Cisplatin selectively damages TRPM6 (transient receptor potential melastatin 6), the primary apical magnesium entry channel in the distal convoluted tubule (DCT), causing persistent urinary magnesium wasting that can last months to years even after completion of chemotherapy and normalization of serum creatinine. Hypomagnesemia depletes intracellular magnesium, which normally provides a voltage-dependent intracellular block of the ROMK (renal outer medullary potassium channel) from the cytoplasmic side. ROMK is the principal potassium secretory channel in the collecting duct and thick ascending limb; without the intracellular Mg²⁺ block, ROMK remains constitutively open and continuously secretes potassium into the tubular lumen regardless of systemic potassium status. This is the molecular basis of refractory hypokalemia: potassium is continuously excreted through unblocked ROMK channels no matter how much is supplemented orally or IV. The management priority is aggressive IV magnesium sulfate replacement — typically 1–2 g IV over 30–60 minutes, repeated as needed to raise serum magnesium above 1.5–2.0 mg/dL — before expecting potassium supplementation to be retained.

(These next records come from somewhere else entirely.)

(* Let $X=\{(x_1,y_1),\dots,(x_m,y_m)\}$ be a finite subset of $\mathbb R^2$ with at least two points, let $\gamma=\min\{d(x,y):x\neq y\in X\}$, let $n$ be a positive integer, and let $P=\{\text{left-}r,\ \text{right-}r: r=\gamma,2\gamma,\dots,2n\gamma\}$. Equip each point $x\in X$ with the neighborhoods $L(r,x)$ of type left-$r$ and $R(r,x)$ of type right-$r$ for $r\in\{\gamma,2\gamma,\dots,2n\gamma\}$. If $2n\gamma\geq\max\{d(x,y):x\neq y\in X\}$ and the resulting typed space is symmetrically typed, then $X$ lies on a vertical line, i.e. there is a constant $a$ with $x_i=a$ for all $i\leq m$.
   Context: $d$ is Euclidean distance. For $x=(a,b)\in X$ and $r>0$: $L(r,x)=\{y=(c,e)\in X: d(x,y)\leq r,\ c\leq a\}$ and $R(r,x)=\{y=(c,e)\in X: d(x,y)\leq r,\ c\geq a\}$. In the resulting typed space (with the discrete topology on $X$), the type-$p$ neighborhoods of $x$ are: $L(r,x)$ for $p=\text{left-}r$, and $R(r,x)$ for $p=\text{right-}r$. For a type $p$, the space is $p$-symmetrically typed if for any $x,y\in X$ such that $y\notin U$ for some type-$p$ neighborhood $U$ of $x$, there exists a type-$p$ neighborhood $V$ of $y$ with $x\notin V$. The space is symmetrically typed if it is $p$-symmetrically typed for every type $p\in P$. *)

From Stdlib Require Import Reals List.
Import ListNotations.
Open Scope R_scope.

Definition dist2 (x y : R * R) : R :=
  sqrt ((fst x - fst y) ^ 2 + (snd x - snd y) ^ 2).

Inductive side := LeftS | RightS.

(* Types p = left-r / right-r are pairs (side, r). *)
Definition typ := (side * R)%type.

Definition Lnb (X : list (R * R)) (r : R) (x : R * R) : R * R -> Prop :=
  fun y => In y X /\ dist2 x y <= r /\ fst y <= fst x.
Definition Rnb (X : list (R * R)) (r : R) (x : R * R) : R * R -> Prop :=
  fun y => In y X /\ dist2 x y <= r /\ fst x <= fst y.

Definition typed_nbhd (X : list (R * R)) (p : typ) (x : R * R) : R * R -> Prop :=
  match fst p with
  | LeftS => Lnb X (snd p) x
  | RightS => Rnb X (snd p) x
  end.

Definition in_P (gamma : R) (n : nat) (p : typ) : Prop :=
  exists k : nat, (1 <= k <= 2 * n)%nat /\ snd p = INR k * gamma.

Definition p_symmetric (X : list (R * R)) (p : typ) : Prop :=
  forall x y, In x X -> In y X ->
    (exists U, U = typed_nbhd X p x /\ ~ U y) ->
    (exists V, V = typed_nbhd X p y /\ ~ V x).

Definition symmetrically_typed (X : list (R * R)) (gamma : R) (n : nat) : Prop :=
  forall p, in_P gamma n p -> p_symmetric X p.

(* Only the largest type, left-(2n gamma), is needed.  Since 2n gamma bounds the
   diameter of X, the left neighbourhood of that radius around y contains every
   point of X weakly to the left of y.  If x were strictly to the left of y, then
   y would miss the neighbourhood of x while x lies in that of y, which contradicts
   symmetry; so no two points of X have different abscissae.  Neither the
   minimality of gamma nor the size of X plays a role. *)
From Stdlib Require Import Reals List Lra Lia.
Open Scope R_scope.

Lemma dist2_sym x y : dist2 x y = dist2 y x.
Proof. unfold dist2; f_equal; ring. Qed.

Lemma in_P_top gamma n s : (0 < n)%nat -> in_P gamma n (s, 2 * INR n * gamma).
Proof.
  intros Hn; exists (2 * n)%nat; split; [lia |].
  simpl snd; rewrite mult_INR; simpl (INR 2); ring.
Qed.

Lemma left_symmetric_fst_le X r :
  (forall x y, In x X -> In y X -> x <> y -> dist2 x y <= r) ->
  p_symmetric X (LeftS, r) ->
  forall x y, In x X -> In y X -> fst y <= fst x.
Proof.
  intros Hdiam Hsym x y Hx Hy.
  destruct (Rle_or_lt (fst y) (fst x)) as [Hle | Hlt]; [exact Hle | exfalso].
  assert (Hxy : x <> y) by (intros ->; lra).
  destruct (Hsym x y Hx Hy) as [V [-> HxV]].
  - exists (typed_nbhd X (LeftS, r) x); split; [reflexivity |].
    intros [_ [_ Hyx]]; lra.
  - apply HxV; repeat split.
    + exact Hx.
    + rewrite dist2_sym; apply Hdiam; assumption.
    + lra.
Qed.

Lemma fst_const_of_le (X : list (R * R)) :
  (forall x y, In x X -> In y X -> fst y <= fst x) ->
  exists a, forall p, In p X -> fst p = a.
Proof.
  intros Hle; destruct X as [| x0 X'].
  - exists 0; intros p [].
  - exists (fst x0); intros p Hp.
    apply Rle_antisym; apply Hle; simpl; auto.
Qed.

Theorem theorem5p5 (X : list (R * R)) (gamma : R) (n : nat) :
  NoDup X -> (2 <= length X)%nat ->
  (* gamma = min { d(x,y) : x <> y in X } *)
  (forall x y, In x X -> In y X -> x <> y -> gamma <= dist2 x y) ->
  (exists x y, In x X /\ In y X /\ x <> y /\ dist2 x y = gamma) ->
  (0 < n)%nat ->
  (* 2 n gamma >= max { d(x,y) : x <> y in X } *)
  (forall x y, In x X -> In y X -> x <> y -> dist2 x y <= 2 * INR n * gamma) ->
  symmetrically_typed X gamma n ->
  exists a : R, forall p, In p X -> fst p = a.
Proof.
  intros _ _ _ _ Hn Hdiam Hsym.
  apply fst_const_of_le, (left_symmetric_fst_le X (2 * INR n * gamma) Hdiam).
  apply Hsym, in_P_top, Hn.
Qed.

• Option B: Option B is incorrect: cisplatin does not permanently suppress aldosterone synthesis in the adrenal cortex; its primary renal toxicity is tubular, targeting TRPM6 in the DCT and causing proximal tubular injury (not adrenocortical injury); reduced aldosterone would cause potassium retention (hyperkalemia), not urinary wasting.
• Option C: Option C is incorrect: cisplatin does not inhibit Na/K-ATPase in skeletal muscle as its mechanism of hypokalemia; Na/K-ATPase inhibition is the mechanism of cardiac glycosides; serum magnesium is directly relevant to the hypokalemia mechanism via ROMK channel regulation.
• Option D: Option D is incorrect: cisplatin-induced hypokalemia is not mediated through SIADH or dilutional mechanisms; it is a urinary wasting disorder caused by TRPM6 damage and ROMK dysregulation; fluid restriction for hyponatremia would not correct the renal potassium wasting.
• Option E: Option E is incorrect: cisplatin does not inhibit ROMK directly; ROMK's constitutive opening is a consequence of magnesium depletion losing the cytoplasmic block — a downstream effect of TRPM6 damage, not a direct ROMK inhibition; potassium repletion without magnesium repletion will be ineffective because ROMK remains open.